It's still an open question whether NHL commissioner Gary Bettman's gambit of taking his league from ESPN to Outdoor Life Network (later Versus) in 2005 is a success or not. Even as confirmation emerges this week of Versus morphing to NBC Sports Channel come January (a move we signalled last April), it's an open question whether shunning the World Wide Leader was a plus or a bust in the U.S.
In Bettman's defence, former ESPN honcho Mark Shapiro tried to take advantage of the Ligue Nationale du Hockey as it emerged from the lockout in 2005, offering just $30-million for the TV rights (which was below the option renewal price). As revealed in the book ESPN: Those Guys Have All the Fun, the overweening Shapiro makes Bettman look like Captain Kangaroo by comparison. The take-it-or-leave-it offer was calculated as an insult, and Bettman took it that way.
So, for $210-million over three years and the promise of being a whale in a minnow pond, Bettman called Shapiro's bluff and alighted to OLN, being run by his mentor Ed Snider, owner of the Philly Flyers. The dough was nice, the promotion was nice, and flipping the bird to intractable ESPN was very nice.
That gave Bettman a dedicated partner, one where, unfortunately, the sport was shunned by all but uber-committed hockey fans. Between OLN/Versus and NBC, the NHL became the D.B. Cooper of leagues, hard to find under any circumstance. Even buried on ESPN2 for a pittance, fans would have easily found the new and improved product.
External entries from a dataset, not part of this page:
(* [{S_t = A}] is the disjoint union of the prefix histories ending with [A];
   these are the events against which [loss_indep] applies. *)
Lemma measureI_avail_sum_prefix t A (G : set Omega) : measurable G ->
  P (G `&` [set w | S t w = A])
  = (\sum_(h : prefix t | (h ord_max).1 == A)
       P (G `&` history_prefix h))%E.
Proof.
move=> mG.
have mGh (h : prefix t) :
    measurable (G `&` history_prefix h).
  by apply: measurableI => //; exact: measurable_history_prefix.
transitivity (\int[P]_w (\1_(G `&` [set w | S t w = A]) w)%:E)%E.
  by rewrite integral_indic ?setIT //; apply: measurableI.
under eq_integral do
  rewrite indicI /= indic_avail_sum_prefix mulr_sumr -sumEFin -big_filter.
rewrite ge0_integral_sum //; last first.
  move=> h; apply/measurable_realfun.measurable_EFinP.
  apply: measurable_realfun.measurable_funM;
    apply: measurable_realfun.measurable_indic => //.
  exact: measurable_history_prefix.
rewrite big_filter; apply: eq_bigr => h _.
by rewrite -(setIT (G `&` _)) -integral_indic // indicI.
Qed.

Lemma measure_loss_avail_indep t A i (C : set R) : measurable C ->
  P (loss t i @^-1` C `&` [set w | S t w = A])
  = (P [set w | S t w = A] * P (loss 0 i @^-1` C))%E.
Proof.
move=> mC; pose Ci i' := if i' == i then C else setT.
have mCi i' : measurable (Ci i') by rewrite /Ci; case: ifP.
have loss_eventE t' : loss_event loss t' Ci = loss t' i @^-1` C.
  apply/seteqP; split => w /=; first by move/(_ i); rewrite /Ci eqxx.
  by move=> Cw i'; rewrite /Ci; case: ifP => [/eqP ->|].
have mlossC : measurable (loss t i @^-1` C).
  by rewrite -[X in measurable X]setTI; exact: loss_meas.
rewrite measureI_avail_sum_prefix // -[in RHS](setTI [set w | _]).
rewrite measureI_avail_sum_prefix // muleC ge0_sume_distrr; last first.
  by move=> h _; apply: measure_ge0; rewrite setTI; exact: measurable_history_prefix.
apply: eq_bigr => h _.
by rewrite setTI -loss_eventE loss_indep // loss_ident // loss_eventE.
Qed.

Lemma integral_indic_avail_loss t A i :
  (\int[P]_w (\1_[set w | S t w = A] w * loss t i w)%:E
   = P [set w | S t w = A] * mean_loss i)%E.
Proof.
apply: integral_indicM_indep => //.
- by move=> w; case/andP: (loss_range t i w).
- by move=> w; case/andP: (loss_range 0 i w).
- by move=> C mC; exact: measure_loss_avail_indep.
Qed.

Lemma integral_policy_loss Tn (pi : {set 'I_K} -> 'I_K) :
  (\int[P]_w (\sum_(t < Tn) loss t (pi (S t w)) w)%:E
   = \sum_(t < Tn) \sum_(A : {set 'I_K}) P [set w | S t w = A] * mean_loss (pi A))%E.
Proof.
have indic_loss_ge0 t A w : 0 <= \1_[set w | S t w = A] w * loss t (pi A) w.
  by rewrite mulr_ge0 //; case/andP: (loss_range t (pi A) w).
have measurable_indic_loss t A :
    measurable_fun setT (fun w => \1_[set w | S t w = A] w * loss t (pi A) w).
  apply: measurable_realfun.measurable_funM; last exact: loss_meas.
  exact: measurable_realfun.measurable_indic.
transitivity (\int[P]_w (\sum_(t < Tn) \sum_(A : {set 'I_K})
    (\1_[set w | S t w = A] w * loss t (pi A) w)%:E))%E.
  apply: eq_integral => w _; rewrite -sumEFin; apply: eq_bigr => t _.
  by rewrite sumEFin -(fiber_sumE (S t) (fun A => loss t (pi A))).
rewrite ge0_integral_sum //; last 2 first.
- move=> t; apply: emeasurable_sum => A.
  exact/measurable_realfun.measurable_EFinP.
- by move=> t w _; apply: sume_ge0 => A _; rewrite lee_fin.
apply: eq_bigr => t _; rewrite ge0_integral_sum //; last 2 first.
- by move=> A; exact/measurable_realfun.measurable_EFinP.
- by move=> A w _; rewrite lee_fin.
by apply: eq_bigr => A _; exact: integral_indic_avail_loss.
Qed.

Lemma selected_loss_sum_Lfun1 Tn (X : finType) (f : nat -> Omega -> X)
  (a : nat -> X -> 'I_K) : (forall t x, measurable [set w | f t w = x]) ->
  (fun w => \sum_(t < Tn) loss t (a t (f t w)) w) \in Lfun P 1.
Proof.
move=> f_meas.
apply: (@sum_unit_interval_Lfun1 _ _ _ P (fun t w => loss t (a t (f t w)) w))
  => [t|t w].
  exact: (measurable_fun_fiber (f_meas t) (fun x => loss_meas t (a t x))).
exact: loss_range.
Qed.

Lemma policy_regretE Tn (pi : {ffun {set 'I_K} -> 'I_K}) :
  policy_regret P loss S k Tn pi
  = ('E_P[fun w => (\sum_(t < Tn) loss t (k t w) w)%R]
     - \sum_(t < Tn) \sum_(A : {set 'I_K})
         P [set w | S t w = A] * mean_loss (pi A))%E.
Proof.
rewrite /policy_regret expectationB.
- by rewrite [in X in (_ - X)%E]expectation.unlock integral_policy_loss.
- exact: (selected_loss_sum_Lfun1 _ (fun _ j => j) k_meas).
- exact: (selected_loss_sum_Lfun1 _ (fun _ => pi) S_meas).
Qed.

Lemma exp_ordering_regretE Tn (sigma : {perm 'I_K}) a :
  exp_ordering_regret P loss S k Tn sigma
  = policy_regret P loss S k Tn [ffun A => ord_sel sigma A a].
Proof.
rewrite /exp_ordering_regret /policy_regret; congr (expectation P _).
apply/funext => w; rewrite sumrB; congr (_ - _); apply: eq_bigr => t _.
by rewrite ffunE (ord_sel_default sigma (k t w) a (S_nonempty t w)).
Qed.

Lemma policy_regret_le_ord_sel Tn (sigma : {perm 'I_K}) a
  (pi : {ffun {set 'I_K} -> 'I_K}) :
  (forall A b, A != finset.set0 ->
     forall i, i \in A -> (mean_loss (ord_sel sigma A b) <= mean_loss i)%E) ->
  is_policy pi ->
  (policy_regret P loss S k Tn pi
   <= policy_regret P loss S k Tn [ffun A => ord_sel sigma A a])%E.
Proof.
move=> sigma_min pi_policy; rewrite !policy_regretE leeB //.
apply: lee_sum => t _; apply: lee_sum => A _.
have [->|A0] := eqVneq A finset.set0.
  rewrite (_ : [set w | S t w = finset.set0] = set0) ?measure0 ?mul0e //.
  by apply/seteqP; split => w //= /eqP; rewrite (negbTE (S_nonempty t w)).
by rewrite lee_wpmul2l // ffunE sigma_min // pi_policy.
Qed.

End stochastic_sleeping_bandit.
At Versus it was Green Party visibility. Players, fans and owners regularly lamented the search for the Versus signal, which was like navigating the Master levels of Doom II.
It was HBO's 24/7 and the NBC Winter Classic that turned the American public mood back toward hockey. (Okay, a portion of the American public larger than quorum at a bus stop.) The residual good cheer resulted in the 10-year, $2 billion NBC Universal deal this spring, an affiliation that could spread the NHL's brand across NBC's many channels.
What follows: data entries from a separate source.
Lemma ent_sub2 i : ent a i.+2 i = -1.
Proof. by rewrite /ent; do ![case: eqP => ?]; try lia. Qed.

Lemma dd_nat (n : nat) : dd a n = \det (Dmat a n).
Proof. by case: n => [|n] //; rewrite det_mx00. Qed.

Lemma det_sqmx_ent_succ n :
  \det (sqmx n (fun i j => ent a i.+1 j)) = (-1) ^+ n * \det (Dmat a n).
Proof.
have -> : sqmx n (fun i j => ent a i.+1 j) = - (Dmat a n)^T.
  by apply/matrixP => i j; rewrite !mxE ent_succ_l.
by rewrite -scaleN1r detZ det_tr.
Qed.

Lemma Ekmat_sqmx n r : (r <= n)%N ->
  Ekmat a n r.+1 = sqmx n (fun i j => ent a (bump r i) j).
Proof. by move=> rn; apply/matrixP => i j; rewrite !mxE /= inordK. Qed.

Lemma cofactor_Dmat_last n (i : 'I_n.+1) :
  cofactor (Dmat a n.+1) i ord_max = (-1) ^+ (i + n) * \det (Ekmat a n i.+1).
Proof.
rewrite /cofactor /= /Ekmat inord_val; congr (_ * \det _).
by apply/matrixP => x y; rewrite !mxE /=; congr ent; rewrite /bump leqNgt ltn_ord.
Qed.

Lemma det_Ekmat r s :
  \det (Ekmat a (r + s) r.+1) =
  (-1) ^+ s * (dd a r * dd a s - dd a (r%:Z - 1) * dd a (s%:Z - 1)).
Proof.
rewrite Ekmat_sqmx ?leq_addr //; case: r => [|r].
  rewrite (eq_sqmx (g := fun i j => ent a i.+1 j)) // det_sqmx_ent_succ.
  by rewrite -dd_nat mul1r mul0r subr0.
case: s => [|s].
  rewrite (eq_sqmx (g := ent a)); last by move=> i j ? _; rewrite /bump; congr ent; lia.
  by rewrite -dd_nat mulr1 mulr0 subr0 mul1r addn0.
rewrite det_sqmx_corner_coupling; first last.
- by move=> i j ? ? ?; apply: ent_eq0; rewrite /bump; lia.
- by move=> i j ? ? ?; apply: ent_eq0; rewrite /bump; lia.
rewrite (eq_sqmx (n := r.+1) (g := ent a)); last by move=> i j ? _; rewrite /bump; congr ent; lia.
rewrite (eq_sqmx (n := r) (g := ent a)); last by move=> i j ? _; rewrite /bump; congr ent; lia.
rewrite (eq_sqmx (n := s.+1) (g := fun i j => ent a i.+1 j)); last first.
  by move=> i j _ _; rewrite -[RHS](ent_addn r.+1) /bump; congr ent; lia.
rewrite (eq_sqmx (n := s) (g := fun i j => ent a i.+1 j)); last first.
  by move=> i j _ _; rewrite -[RHS](ent_addn r.+2) /bump; congr ent; lia.
rewrite /bump leqnn (leqNgt r.+1 r) ltnSn add0n add1n ent_super ent_sub2.
rewrite !det_sqmx_ent_succ.
have -> : (r.+1%:Z - 1 = r%:Z)%R by lia.
have -> : (s.+1%:Z - 1 = s%:Z)%R by lia.
by rewrite -!dd_nat exprS; ring.
Qed.

Lemma det_Dmat_last_col n :
  \det (Dmat a n.+2) = - a * \det (Ekmat a n.+1 n.+2) - \det (Ekmat a n.+1 n.+1).
Proof.
rewrite (expand_det_col _ ord_max) !big_ord_recr big1 /=; last first.
  by move=> i _; rewrite !mxE ent_eq0 ?mul0r //= ltnS ltn_ord.
rewrite !cofactor_Dmat_last !mxE /= ent_super ent_diag signr_addnS signr_addnn.
ring.
Qed.

Lemma dd1 : dd a 1 = - a.
Proof. by rewrite dd_nat det_mx11 mxE ent_diag. Qed.

Lemma dd_rec n : dd a n.+2 = - a * dd a n.+1 - a * dd a n - dd a (n%:Z - 1).
Proof.
rewrite [LHS]dd_nat det_Dmat_last_col.
have := det_Ekmat n.+1 0; rewrite addn0 => ->.
have := det_Ekmat n 1; rewrite addn1 => ->.
have -> : (n.+1%:Z - 1 = n%:Z)%R by lia.
rewrite sub0r subrr dd1 expr1 expr0 /=.
ring.
Qed.

Lemma det_Ekmat_dd n k : (1 <= k <= n.+1)%N ->
  \det (Ekmat a n k) =
  (-1) ^+ (n.+1 - k) *
    (dd a (k%:Z - 1) * dd a (n%:Z - k%:Z + 1) - dd a (k%:Z - 2) * dd a (n%:Z - k%:Z)).
Proof.
case/andP=> k1 kn.
have [r kr] : exists r, k = r.+1 by exists k.-1; lia.
have [s ns] : exists s, n = (r + s)%N by exists (n - r)%N; lia.
subst k n; rewrite det_Ekmat.
have -> : ((r + s).+1 - r.+1 = s)%N by lia.
have -> : (r.+1%:Z - 1 = r)%R by lia.
have -> : ((r + s)%N%:Z - r.+1%:Z + 1 = s)%R by lia.
have -> : (r.+1%:Z - 2 = r%:Z - 1)%R by lia.
by have -> : ((r + s)%N%:Z - r.+1%:Z = s%:Z - 1)%R by lia.
Qed.

End BandMatrices.

Definition series_inverse {R : nzRingType} (p : {poly R}) (c : nat -> R) :=
  forall k, \sum_(j < k.+1) p`_j * c (k - j)%N = (k == 0%N)%:R.

Definition cubic {R : nzRingType} (a : R) : {poly R} := 1 + a *: 'X + a *: 'X^2 + 'X^3.

Section SeriesInverse.
Variable R : comNzRingType.

Lemma series_inverse_unique (p : {poly R}) c c' : p`_0 = 1 ->
  series_inverse p c -> series_inverse p c' -> c =1 c'.
Proof.
move=> p0 pc pc' k; elim/ltn_ind: k => k IH.
have := pc k; rewrite -(pc' k) !big_ord_recl /= p0 !mul1r subn0.
rewrite (eq_bigr (fun j : 'I_k => p`_(bump 0 j) * c' (k - bump 0 j)%N)) => [|j _].
  exact: addIr.
by rewrite IH // /bump; case: k IH j => [|k] _ [j /= jk]; lia.
Qed.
But attributing the 2011 NBC payoff to the Versus move in 2005 is a stretch. Who knew they'd merge with NBC back in the dark post-lockout days? Could ESPN have brought the NHL more public recognition earlier? Unlikely so long as they buried the NHL on their second network. It was exterior forces that changed the landscape. Till it got with the new rules, Winter Classics and HBOs, the U.S. public simply wasn't buying what Bettman was selling.
So the NHL got more money from OLN/Versus, the visibility issue with ESPN2 was a wash, and now there is the hope that NBC's diverse universe of TV channels and web platforms can deliver more than ESPN. Conclusion: It took a while, but Bettman's stand against Shapiro finally has paid off in modest fashion. Which is about the best hockey can hope for in the shadow the NFL, NCAA, NBA and MLB.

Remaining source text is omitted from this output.